[What is needed]
Each line of the material must be returned exactly.

[Material to process]
Lemma small_perturbations {R : realType} {N : nat} {lam gam dt h : R}
    {f g : grid N -> R} : 0 < lam -> 0 < dt -> 0 < h ->
  dt <= mesh_bound lam gam -> h <= mesh_bound lam gam -> dt <= lam * h ->
  gnorm2 h f <= powR dt (15 / 4) + powR h (15 / 4) -> gnormInf g <= h ->
  (forall p, `|f p| <= 1 / 48) /\ (forall p, `|g p| <= gam / 48).
Proof.
move=> lam0 dt0 h0 dt_small h_small dt_lam f_small g_small.
have /and4P[_ _ h48 h_gam] : [&& h <= 1, h <= (lam ^+ 3 + 1)^-1,
    h <= (1 / 48) ^+ 2 & h <= gam / 48] by rewrite -!le_min.
split=> p; last exact: le_trans (le_gnormInf _ _) (le_trans g_small h_gam).
apply: (le_of_gnorm2_le_sqr _ _ _ h0 _ h48 (le_trans f_small _)).
  by rewrite divr_ge0 ?ler0n.
exact: consistency_error_le_sqr lam0 dt0 h0 dt_small h_small dt_lam.
Qed.

Theorem mainTheorem7 (R : realType) (Cs gam : R) (hCs : 0 < Cs) (hgam : 0 < gam) :
  exists2 C3 : R, 0 < C3 &
  forall eps : R, 0 < eps ->
  exists2 C2 : R, 0 < C2 &
  forall (lam1 lam2 : R), 0 < lam1 -> 0 < lam2 ->
  forall (a b : R), a < b ->
  exists2 h0 : R, 0 < h0 &
  forall (N : nat) (dt : R), (0 < N)%N ->
  let h := (b - a) / N%:R in
  0 < dt -> dt <= h0 -> h <= h0 ->
  lam1 * h <= dt -> dt <= lam2 * h ->
  forall (crho0 crho1 rho0 rho1 psit : grid N -> R),
  (forall p, eps <= crho1 p /\ crho1 p <= Cs) ->
  (forall p, 0 < crho0 p /\ crho0 p <= Cs) ->
  (forall p, 0 < rho0 p) -> (forall p, 0 < rho1 p) ->
  let rt0 := fun p => crho0 p - rho0 p in
  let rt1 := fun p => crho1 p - rho1 p in
  gnorm2 h rt0 <= powR dt (15 / 4) + powR h (15 / 4) ->
  gnormInf psit <= h ->
  let St := fun p => Sfun crho1 crho0 p - Sfun rho1 rho0 p in
  let lhs := gip h rt1 (fun p => gam * St p + psit p) in
  let err := C2 * (gam ^+ 2 * gnorm2 h rt0 ^+ 2 + gnorm2 h psit ^+ 2) in
  lhs >= Cs / 6 * gam * (Lstar Cs rho1)%:R * h ^+ 3 - err /\
  ((Lstar Cs rho1 = 0)%N -> lhs >= C3 * gnorm2 h rt1 ^+ 2 - err).
Proof.
exists (coercivity_const Cs gam); first exact: coercivity_const_gt0.
move=> eps eps0; set C2 := perturbation_const Cs gam eps.
exists C2; first exact: perturbation_const_gt0.
move=> lam1 lam2 _ lam2_gt0 a b ab.
exists (mesh_bound lam2 gam); first exact: mesh_bound_gt0.
move=> N dt N_gt0 h dt_gt0 dt_small h_small _ dt_lam crho0 crho1 rho0 rho1 psit
  crho1B crho0B _ rho1_gt0 rt0 rt1 rt0_small psit_small St lhs err.
have h_gt0 : 0 < h by rewrite divr_gt0 ?subr_gt0 ?ltr0n.
have h_ge0 := ltW h_gt0.
have [rt0_48 psit_48] := small_perturbations lam2_gt0 dt_gt0 h_gt0
  dt_small h_small dt_lam rt0_small psit_small.
pose e p := C2 * (gam ^+ 2 * rt0 p ^+ 2 + psit p ^+ 2).
have err_sum : err = h ^+ 3 * \sum_p e p.
  by rewrite /err !(gnorm2_sq h_ge0) -!mulr_sumr big_split /= -!mulr_sumr; ring.
split.
- rewrite err_sum [_ * h ^+ 3]mulrC Lstar_sum [X in h ^+ 3 * X - _]mulr_sumr.
  apply: (gip_ge_sum h_ge0) => p.
  have [? ?] := crho1B p; have [? ?] := crho0B p.
  by apply: pointwise_lb => //; exact: rt0_48.
- move=> L0; rewrite err_sum (gnorm2_sq h_ge0) mulrCA.
  rewrite [X in h ^+ 3 * X - _]mulr_sumr.
  apply: (gip_ge_sum h_ge0) => p.
  have [? ?] := crho1B p; have [? ?] := crho0B p.
  have rho1_small := Lstar_eq0 p L0.
  apply: pointwise_lb_moderate => //; first lra.
  by apply: le_trans (rt0_48 p) _; lra.
Qed.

[Solved exercise]
Lemma small_perturbations {R : realType} {N : nat} {lam gam dt h : R}
    {f g : grid N -> R} : 0 < lam -> 0 < dt -> 0 < h ->
  dt <= mesh_bound lam gam -> h <= mesh_bound lam gam -> dt <= lam * h ->
  gnorm2 h f <= powR dt (15 / 4) + powR h (15 / 4) -> gnormInf g <= h ->
  (forall p, `|f p| <= 1 / 48) /\ (forall p, `|g p| <= gam / 48).
Proof.
move=> lam0 dt0 h0 dt_small h_small dt_lam f_small g_small.
have /and4P[_ _ h48 h_gam] : [&& h <= 1, h <= (lam ^+ 3 + 1)^-1,
    h <= (1 / 48) ^+ 2 & h <= gam / 48] by rewrite -!le_min.
split=> p; last exact: le_trans (le_gnormInf _ _) (le_trans g_small h_gam).
apply: (le_of_gnorm2_le_sqr _ _ _ h0 _ h48 (le_trans f_small _)).
  by rewrite divr_ge0 ?ler0n.
exact: consistency_error_le_sqr lam0 dt0 h0 dt_small h_small dt_lam.
Qed.

Theorem mainTheorem7 (R : realType) (Cs gam : R) (hCs : 0 < Cs) (hgam : 0 < gam) :
  exists2 C3 : R, 0 < C3 &
  forall eps : R, 0 < eps ->
  exists2 C2 : R, 0 < C2 &
  forall (lam1 lam2 : R), 0 < lam1 -> 0 < lam2 ->
  forall (a b : R), a < b ->
  exists2 h0 : R, 0 < h0 &
  forall (N : nat) (dt : R), (0 < N)%N ->
  let h := (b - a) / N%:R in
  0 < dt -> dt <= h0 -> h <= h0 ->
  lam1 * h <= dt -> dt <= lam2 * h ->
  forall (crho0 crho1 rho0 rho1 psit : grid N -> R),
  (forall p, eps <= crho1 p /\ crho1 p <= Cs) ->
  (forall p, 0 < crho0 p /\ crho0 p <= Cs) ->
  (forall p, 0 < rho0 p) -> (forall p, 0 < rho1 p) ->
  let rt0 := fun p => crho0 p - rho0 p in
  let rt1 := fun p => crho1 p - rho1 p in
  gnorm2 h rt0 <= powR dt (15 / 4) + powR h (15 / 4) ->
  gnormInf psit <= h ->
  let St := fun p => Sfun crho1 crho0 p - Sfun rho1 rho0 p in
  let lhs := gip h rt1 (fun p => gam * St p + psit p) in
  let err := C2 * (gam ^+ 2 * gnorm2 h rt0 ^+ 2 + gnorm2 h psit ^+ 2) in
  lhs >= Cs / 6 * gam * (Lstar Cs rho1)%:R * h ^+ 3 - err /\
  ((Lstar Cs rho1 = 0)%N -> lhs >= C3 * gnorm2 h rt1 ^+ 2 - err).
Proof.
exists (coercivity_const Cs gam); first exact: coercivity_const_gt0.
move=> eps eps0; set C2 := perturbation_const Cs gam eps.
exists C2; first exact: perturbation_const_gt0.
move=> lam1 lam2 _ lam2_gt0 a b ab.
exists (mesh_bound lam2 gam); first exact: mesh_bound_gt0.
move=> N dt N_gt0 h dt_gt0 dt_small h_small _ dt_lam crho0 crho1 rho0 rho1 psit
  crho1B crho0B _ rho1_gt0 rt0 rt1 rt0_small psit_small St lhs err.
have h_gt0 : 0 < h by rewrite divr_gt0 ?subr_gt0 ?ltr0n.
have h_ge0 := ltW h_gt0.
have [rt0_48 psit_48] := small_perturbations lam2_gt0 dt_gt0 h_gt0
  dt_small h_small dt_lam rt0_small psit_small.
pose e p := C2 * (gam ^+ 2 * rt0 p ^+ 2 + psit p ^+ 2).
have err_sum : err = h ^+ 3 * \sum_p e p.
  by rewrite /err !(gnorm2_sq h_ge0) -!mulr_sumr big_split /= -!mulr_sumr; ring.
split.
- rewrite err_sum [_ * h ^+ 3]mulrC Lstar_sum [X in h ^+ 3 * X - _]mulr_sumr.
  apply: (gip_ge_sum h_ge0) => p.
  have [? ?] := crho1B p; have [? ?] := crho0B p.
  by apply: pointwise_lb => //; exact: rt0_48.
- move=> L0; rewrite err_sum (gnorm2_sq h_ge0) mulrCA.
  rewrite [X in h ^+ 3 * X - _]mulr_sumr.
  apply: (gip_ge_sum h_ge0) => p.
  have [? ?] := crho1B p; have [? ?] := crho0B p.
  have rho1_small := Lstar_eq0 p L0.
  apply: pointwise_lb_moderate => //; first lra.
  by apply: le_trans (rt0_48 p) _; lra.
Qed.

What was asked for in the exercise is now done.